The efficacy of Tryvio (aprocitentan) was evaluated in a multipart, Phase 3 multicenter study (PRECISION) in adults with systolic blood pressure (SBP) ≥140 mmHg who were prescribed at least three antihypertensive medications. The trial included a placebo run-in period, which was followed by three parts as described below. Prior to the placebo run-in period, all patients were switched to standard background antihypertensive therapy, which was continued throughout the study. Patients with concomitant use of beta‑blockers continued this treatment throughout the study.

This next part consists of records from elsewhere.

(* Let $q$ be a prime power, $c\in\mathbb{F}_q^*$ and $\delta\in\mathbb{F}_{q^4}$. Then $f(x)=g(x^q+x+\delta)+cx$ is a permutation polynomial of $\mathbb{F}_{q^4}$ if one of the following holds: (i) $g(x)=c_0\left(u(x)^{q^3}+u(x)^{q^2}+u(x)^q+u(x)\right)$, where $u(x)\in\mathbb{F}_{q^4}[x]$ and $c_0\in\mathbb{F}_{q^4}^*$ satisfies $c_0^q+c_0=0$; (ii) $g(x)=c_0x^{i(q^3+q^2+q+1)}$, where $i$ is a positive integer and $c_0\in\mathbb{F}_{q^4}^*$ satisfies $c_0^q+c_0=0$.
   Context: A polynomial is a permutation polynomial of a finite field if it induces a bijection of that field. $\mathbb{F}_q$ is viewed as the subfield of $\mathbb{F}_{q^4}$. *)

From HB Require Import structures.
From mathcomp Require Import all_boot all_order all_algebra all_field.
Set Implicit Arguments. Unset Strict Implicit. Unset Printing Implicit Defensive.
Import GRing.Theory.
Local Open Scope ring_scope.

Definition prime_power (q : nat) : Prop :=
  exists p k : nat, [/\ prime p, (0 < k)%N & q = (p ^ k)%N].

Definition is_perm_poly (L : finFieldType) (P : {poly L}) : Prop :=
  bijective (fun x : L => P.[x]).

From HB Require Import structures.
From mathcomp Require Import all_boot all_order all_algebra all_field.
From mathcomp Require Import ring.
Set Implicit Arguments. Unset Strict Implicit. Unset Printing Implicit Defensive.
Import GRing.Theory.
Local Open Scope ring_scope.

(* Let q be a power of the characteristic of a field L, so that the map
   x |-> x^q is additive, and let F(x) = x^q + x + delta.  The heart of the
   proof is an injectivity criterion (twisted_map_injective): if c^q = c is
   nonzero, c0^q + c0 = 0, and G takes its values in c0 * F_q (where
   F_q = {y | y^q = y}), then x |-> G(F x) + c x is injective.  Indeed, if two
   points x, z have the same image then c (x - z) lies in c0 * F_q, so
   x - z = c0 s with s^q = s, whence (x - z)^q + (x - z) = 0, i.e. F x = F z,
   and then c x = c z.
   When #|L| = q^4 every element satisfies x^(q^4) = x, so the relative trace
   z^(q^3) + z^(q^2) + z^q + z and the relative norm y^(q^3+q^2+q+1) both take
   values in F_q (trace4_fixed, norm4_fixed).  In both cases of the theorem g
   is c0 times such a function, and since L is finite, injectivity of the
   induced map gives the required bijection. *)

Section FrobeniusKernel.

Variables (L : fieldType) (q : nat).
Hypothesis q_char : [pchar L].-nat q.

Lemma frobD (x y : L) : (x + y) ^+ q = x ^+ q + y ^+ q.
Proof. exact: exprDn_pchar. Qed.

Lemma frobB (x y : L) : (x - y) ^+ q = x ^+ q - y ^+ q.
Proof. by rewrite frobD exprNn_pchar. Qed.

Lemma frob_kernel_scale (c0 s : L) :
  c0 ^+ q + c0 = 0 -> s ^+ q = s -> (c0 * s) ^+ q + c0 * s = 0.
Proof. by move=> c0q sq; rewrite exprMn sq -mulrDl c0q mul0r. Qed.

Lemma twisted_map_injective (c c0 delta : L) (G h : L -> L) :
  c ^+ q = c -> c != 0 -> c0 ^+ q + c0 = 0 ->
  (forall y, h y ^+ q = h y) -> (forall y, G y = c0 * h y) ->
  injective (fun x => G (x ^+ q + x + delta) + c * x).
Proof.
move=> cq c_neq0 c0q hq Gh x z /=; rewrite !Gh.
set Fx := x ^+ q + x + delta; set Fz := z ^+ q + z + delta => E.
set s := (h Fz - h Fx) / c.
have sq : s ^+ q = s by rewrite /s exprMn exprVn frobB !hq cq.
have diff_xz : x - z = c0 * s.
  apply: (mulIf c_neq0); rewrite /s mulrA divfK //.
  have -> : (x - z) * c = (c0 * h Fx + c * x) - c0 * h Fx - c * z by ring.
  by rewrite E; ring.
have F_eq : Fx = Fz.
  apply/eqP; rewrite -subr_eq0 /Fx /Fz.
  have -> : x ^+ q + x + delta - (z ^+ q + z + delta) = (x - z) ^+ q + (x - z).
    by rewrite frobB; ring.
  by rewrite diff_xz frob_kernel_scale.
by move: E; rewrite F_eq => /addrI /(mulfI c_neq0).
Qed.

End FrobeniusKernel.

Section QuarticExtension.

Variables (L : finFieldType) (q : nat).
Hypothesis card_L : #|L| = (q ^ 4)%N.

Definition trace4 (z : L) : L := z ^+ (q ^ 3) + z ^+ (q ^ 2) + z ^+ q + z.
Definition norm4 (y : L) : L := y ^+ (q ^ 3 + q ^ 2 + q + 1).

Lemma frob4 (x : L) : x ^+ (q ^ 4) = x.
Proof. by rewrite -card_L expf_card. Qed.

Lemma norm4_fixed (y : L) : norm4 y ^+ q = norm4 y.
Proof.
rewrite /norm4 -exprM !mulnDl mul1n -!expnSr mulnn -!addnA exprD frob4.
by rewrite !addnA addn1 exprS.
Qed.

Lemma trace4_fixed : [pchar L].-nat q -> forall z : L, trace4 z ^+ q = trace4 z.
Proof.
move=> q_char z; rewrite /trace4 !(frobD q_char) -!exprM -!expnSr frob4 mulnn.
by rewrite [RHS]addrC !addrA.
Qed.

End QuarticExtension.

Theorem proposition6 (q : nat) (L : finFieldType) (c delta : L) (g : {poly L}) :
  prime_power q ->
  #|L| = (q ^ 4)%N ->
  (* c lies in the subfield F_q = {x | x^q = x} and is nonzero *)
  c ^+ q = c -> c != 0 ->
  ((exists (u : {poly L}) (c0 : L),
      [/\ c0 != 0, c0 ^+ q + c0 = 0 &
          g = c0 *: (u ^+ (q ^ 3) + u ^+ (q ^ 2) + u ^+ q + u)])
   \/
   (exists (i : nat) (c0 : L),
      [/\ (0 < i)%N, c0 != 0, c0 ^+ q + c0 = 0 &
          g = c0 *: 'X ^+ (i * (q ^ 3 + q ^ 2 + q + 1))])) ->
  is_perm_poly (g \Po ('X ^+ q + 'X + delta%:P) + c *: 'X).
Proof.
move=> [p [k [p_prime k_gt0 q_def]]] card_L cq c_neq0 g_shape.
have q_char : [pchar L].-nat q.
  have p_char : p \in [pchar L].
    by apply: (@card_finPcharP L p (k * 4)) => //; rewrite card_L q_def expnM.
  by rewrite q_def pnatX (pnatE _ p_prime) p_char.
have [c0 [h [c0q hq g_h]]] : exists c0 (h : L -> L),
    [/\ c0 ^+ q + c0 = 0, forall y, h y ^+ q = h y & forall y, g.[y] = c0 * h y].
  case: g_shape => [[u [c0 [_ c0q ->]]] | [i [c0 [_ _ c0q ->]]]].
    exists c0, (fun y => trace4 q u.[y]); split=> // y.
      exact: trace4_fixed.
    by rewrite hornerZ !hornerD !horner_exp.
  exists c0, (fun y => norm4 q (y ^+ i)); split=> // y.
    exact: norm4_fixed.
  by rewrite hornerZ horner_exp hornerX exprM.
apply: injF_bij => x z; rewrite !(hornerE, horner_comp) /=.
exact: (twisted_map_injective q_char cq c_neq0 c0q hq g_h).
Qed.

Following the 4-week placebo run-in period, 730 patients were randomized equally to aprocitentan at either 12.5 mg, 25 mg, or placebo once daily during the initial 4-week double-blind (DB) treatment period (part 1). At the end of 4 weeks, all patients entered the single-blind treatment period (part 2) where they received 25 mg aprocitentan once daily for 32 weeks. At the end of the 32 weeks, patients were re-randomized to receive either 25 mg aprocitentan or placebo, once daily, during a 12-week DB-withdrawal period (part 3).

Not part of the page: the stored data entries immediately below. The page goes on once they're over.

(* Let $*\in\{\mathrm{nc},\mathrm{c},\mathrm{cr},\mathrm{u},\mathrm{cu},\mathrm{cur}\}$. The functor $\mathfrak{P}^*:\mathbf{A}_*\to\mathbf{A}_*$, together with the natural transformation given by the inclusions $\mathfrak{P}^*(A)\hookrightarrow A$, is a costrict homotopization of the identity functor $\mathrm{id}:\mathbf{A}_*\to\mathbf{A}_*$; that is, $\mathfrak{P}^*$ is homotopy invariant and for every homotopy invariant functor $G:\mathbf{A}_*\to\mathbf{A}_*$ and natural transformation $\beta:G\to\mathrm{id}$ there is a unique natural transformation $\overline{\beta}:G\to\mathfrak{P}^*$ with $\beta=\iota\circ\overline{\beta}$, where $\iota$ denotes the inclusion transformation.
   Context: Fix a field $\mathbb{F}$; algebras are associative $\mathbb{F}$-algebras. $\mathbf{A}_{\mathrm{nc}}$: all algebras; $\mathbf{A}_{\mathrm{c}},\mathbf{A}_{\mathrm{cr}}$: commutative, resp. commutative reduced algebras; $\mathbf{A}_{\mathrm{u}}$: unital algebras with unit-preserving morphisms; $\mathbf{A}_{\mathrm{cu}},\mathbf{A}_{\mathrm{cur}}$: commutative, resp. commutative reduced unital algebras. For $A\in\mathbf{A}_*$, $\mathfrak{P}^*(A)$ is the set of $a\in A$ such that for every $C\in\mathbf{A}_*$ and every morphism $\varphi:A\to C[x]$ (unit-preserving in the unital cases), $\varphi(a)$ is a constant polynomial (lies in $C$); it is a subalgebra (containing the unit in unital cases), and $\mathfrak{P}^*(f)=f|_{\mathfrak{P}^*(A)}$. (The paper defines $\mathfrak{P}^*(A)$ via a universal pro-algebra $\mathfrak{M}^*_{A,\mathbb{F}[x]}$ and proves equality with this set.) Homotopy: $f,g:A\to B$ in $\mathbf{A}_*$ are elementary homotopic if there is $H:A\to B[x]$ in $\mathbf{A}_*$ with $H$ followed by evaluation at $x=0$ (resp. $x=1$) equal to $f$ (resp. $g$); homotopic if connected by a finite chain of elementary homotopies. A functor is homotopy invariant if it identifies homotopic morphisms. *)

From HB Require Import structures.
From mathcomp Require Import all_boot all_algebra.
From Stdlib Require Import ProofIrrelevance Relations.
Set Implicit Arguments.
Unset Strict Implicit.
Unset Printing Implicit Defensive.
Import GRing.Theory.
Local Open Scope ring_scope.

Section Defs.
Variable F : fieldType.

Record alg := Alg {
  alg_car :> Type;
  azero : alg_car;
  aadd : alg_car -> alg_car -> alg_car;
  aopp : alg_car -> alg_car;
  ascale : F -> alg_car -> alg_car;
  amul : alg_car -> alg_car -> alg_car;
  aaddA : forall x y z, aadd x (aadd y z) = aadd (aadd x y) z;
  aaddC : forall x y, aadd x y = aadd y x;
  aadd0 : forall x, aadd azero x = x;
  aaddN : forall x, aadd (aopp x) x = azero;
  ascaleA : forall a b x, ascale a (ascale b x) = ascale (a * b) x;
  ascale1 : forall x, ascale 1 x = x;
  ascaleDr : forall a x y, ascale a (aadd x y) = aadd (ascale a x) (ascale a y);
  ascaleDl : forall a b x, ascale (a + b) x = aadd (ascale a x) (ascale b x);
  amulA : forall x y z, amul x (amul y z) = amul (amul x y) z;
  amulDl : forall x y z, amul (aadd x y) z = aadd (amul x z) (amul y z);
  amulDr : forall x y z, amul x (aadd y z) = aadd (amul x y) (amul x z);
  amulZl : forall a x y, amul (ascale a x) y = ascale a (amul x y);
  amulZr : forall a x y, amul x (ascale a y) = ascale a (amul x y)
}.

The primary efficacy endpoint was the change in sitting SBP (SiSBP) from baseline to Week 4 during part 1.
Aprocitentan 12.5 mg was statistically superior to placebo in reducing SiSBP at Week 4 (part 1). The treatment effect was consistent for sitting diastolic BP (SiDBP).
The persistence of the BP-lowering effect of aprocitentan was demonstrated in part 3 of the trial, in which patients on aprocitentan were re-randomized to placebo or 25 mg aprocitentan following a period during which all patients were treated with 25 mg. In patients re-randomized to placebo, the mean SiSBP increased, whereas in patients re-randomized to 25 mg aprocitentan the mean effect on SiSBP was maintained and was statistically superior to placebo at Week 40. The treatment effect was consistent for SiDBP.
he efficacy for the 25 mg aprocitentan dose as measured in the primary end point of change in sitting SBP (SiSBP) from baseline to Week 4 in part 1, was similar to the 12.5 mg dose and thus aprocitentan 12.5 mg is the approved dose.